▶ _GIVEN RECORDS_

--*--

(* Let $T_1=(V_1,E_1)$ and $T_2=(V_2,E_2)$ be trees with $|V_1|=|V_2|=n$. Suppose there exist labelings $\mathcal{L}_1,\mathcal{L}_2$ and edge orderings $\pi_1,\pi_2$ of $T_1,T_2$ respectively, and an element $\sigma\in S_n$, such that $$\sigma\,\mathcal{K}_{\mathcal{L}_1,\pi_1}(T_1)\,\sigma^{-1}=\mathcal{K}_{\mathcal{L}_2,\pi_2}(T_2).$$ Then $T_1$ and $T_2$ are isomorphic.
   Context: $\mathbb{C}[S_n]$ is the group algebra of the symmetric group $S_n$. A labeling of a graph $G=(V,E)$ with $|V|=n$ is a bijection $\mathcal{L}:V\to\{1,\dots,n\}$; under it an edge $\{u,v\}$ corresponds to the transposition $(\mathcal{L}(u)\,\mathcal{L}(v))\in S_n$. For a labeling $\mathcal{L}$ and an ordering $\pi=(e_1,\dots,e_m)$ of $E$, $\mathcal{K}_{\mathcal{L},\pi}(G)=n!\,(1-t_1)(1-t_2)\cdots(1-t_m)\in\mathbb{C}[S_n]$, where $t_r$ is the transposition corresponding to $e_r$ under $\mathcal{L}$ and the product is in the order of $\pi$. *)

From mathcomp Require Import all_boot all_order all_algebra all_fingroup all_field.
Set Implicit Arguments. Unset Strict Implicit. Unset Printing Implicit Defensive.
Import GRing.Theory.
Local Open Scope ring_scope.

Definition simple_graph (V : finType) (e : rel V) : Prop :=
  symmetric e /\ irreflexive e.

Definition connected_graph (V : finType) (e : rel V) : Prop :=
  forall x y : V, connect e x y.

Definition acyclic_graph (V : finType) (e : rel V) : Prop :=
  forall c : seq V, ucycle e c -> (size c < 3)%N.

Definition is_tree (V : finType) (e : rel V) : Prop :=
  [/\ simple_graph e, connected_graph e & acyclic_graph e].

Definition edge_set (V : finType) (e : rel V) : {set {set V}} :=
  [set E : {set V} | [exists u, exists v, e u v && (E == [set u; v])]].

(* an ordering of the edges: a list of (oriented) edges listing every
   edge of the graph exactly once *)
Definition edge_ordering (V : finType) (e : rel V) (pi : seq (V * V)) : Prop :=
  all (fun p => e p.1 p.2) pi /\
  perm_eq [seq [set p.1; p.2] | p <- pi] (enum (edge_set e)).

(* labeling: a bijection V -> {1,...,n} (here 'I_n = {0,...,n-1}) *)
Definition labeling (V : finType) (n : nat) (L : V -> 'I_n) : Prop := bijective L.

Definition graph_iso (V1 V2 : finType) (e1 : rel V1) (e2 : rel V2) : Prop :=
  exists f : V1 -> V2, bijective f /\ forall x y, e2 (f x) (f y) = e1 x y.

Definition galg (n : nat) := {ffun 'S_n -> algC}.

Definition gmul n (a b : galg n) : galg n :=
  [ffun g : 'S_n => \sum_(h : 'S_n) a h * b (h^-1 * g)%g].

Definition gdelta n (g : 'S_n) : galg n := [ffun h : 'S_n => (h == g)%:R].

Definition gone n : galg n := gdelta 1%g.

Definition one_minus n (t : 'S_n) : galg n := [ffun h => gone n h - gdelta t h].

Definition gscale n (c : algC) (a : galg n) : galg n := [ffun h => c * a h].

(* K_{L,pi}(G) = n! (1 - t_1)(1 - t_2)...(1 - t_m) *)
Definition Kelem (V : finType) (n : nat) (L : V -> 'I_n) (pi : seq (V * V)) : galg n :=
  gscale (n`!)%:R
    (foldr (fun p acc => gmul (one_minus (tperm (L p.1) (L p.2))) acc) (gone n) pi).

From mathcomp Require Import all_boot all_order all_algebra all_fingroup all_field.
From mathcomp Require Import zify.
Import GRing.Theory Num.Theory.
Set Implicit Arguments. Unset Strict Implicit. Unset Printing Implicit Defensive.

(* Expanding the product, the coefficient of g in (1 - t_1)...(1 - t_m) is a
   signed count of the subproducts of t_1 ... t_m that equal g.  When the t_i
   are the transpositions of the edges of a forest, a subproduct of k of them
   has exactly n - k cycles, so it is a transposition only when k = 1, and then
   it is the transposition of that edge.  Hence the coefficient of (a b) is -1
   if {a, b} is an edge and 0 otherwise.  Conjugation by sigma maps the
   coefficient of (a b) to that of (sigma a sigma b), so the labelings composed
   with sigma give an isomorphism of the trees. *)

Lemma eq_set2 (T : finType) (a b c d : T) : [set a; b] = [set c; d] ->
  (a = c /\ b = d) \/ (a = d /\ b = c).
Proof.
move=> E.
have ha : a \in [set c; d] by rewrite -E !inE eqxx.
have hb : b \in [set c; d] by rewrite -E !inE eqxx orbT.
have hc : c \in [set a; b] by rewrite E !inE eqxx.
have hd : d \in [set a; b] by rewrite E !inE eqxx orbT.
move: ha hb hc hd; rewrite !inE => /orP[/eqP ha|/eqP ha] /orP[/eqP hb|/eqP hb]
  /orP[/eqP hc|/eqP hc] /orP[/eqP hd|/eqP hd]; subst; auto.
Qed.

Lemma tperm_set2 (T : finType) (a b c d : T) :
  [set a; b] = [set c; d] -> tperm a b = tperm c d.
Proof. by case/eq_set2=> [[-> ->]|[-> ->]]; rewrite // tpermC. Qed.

--*--

▶ _WORK INSTRUCTION_
Among the records above, a stretch begins at the line containing "Definition gdelta n" and ends at the line containing "t_2)...(1 - t_m) *)". Restate that stretch word for word, and nothing else.

▶ _TASK SOLUTION_
Definition gdelta n (g : 'S_n) : galg n := [ffun h : 'S_n => (h == g)%:R].

Definition gone n : galg n := gdelta 1%g.

Definition one_minus n (t : 'S_n) : galg n := [ffun h => gone n h - gdelta t h].

Definition gscale n (c : algC) (a : galg n) : galg n := [ffun h => c * a h].

(* K_{L,pi}(G) = n! (1 - t_1)(1 - t_2)...(1 - t_m) *)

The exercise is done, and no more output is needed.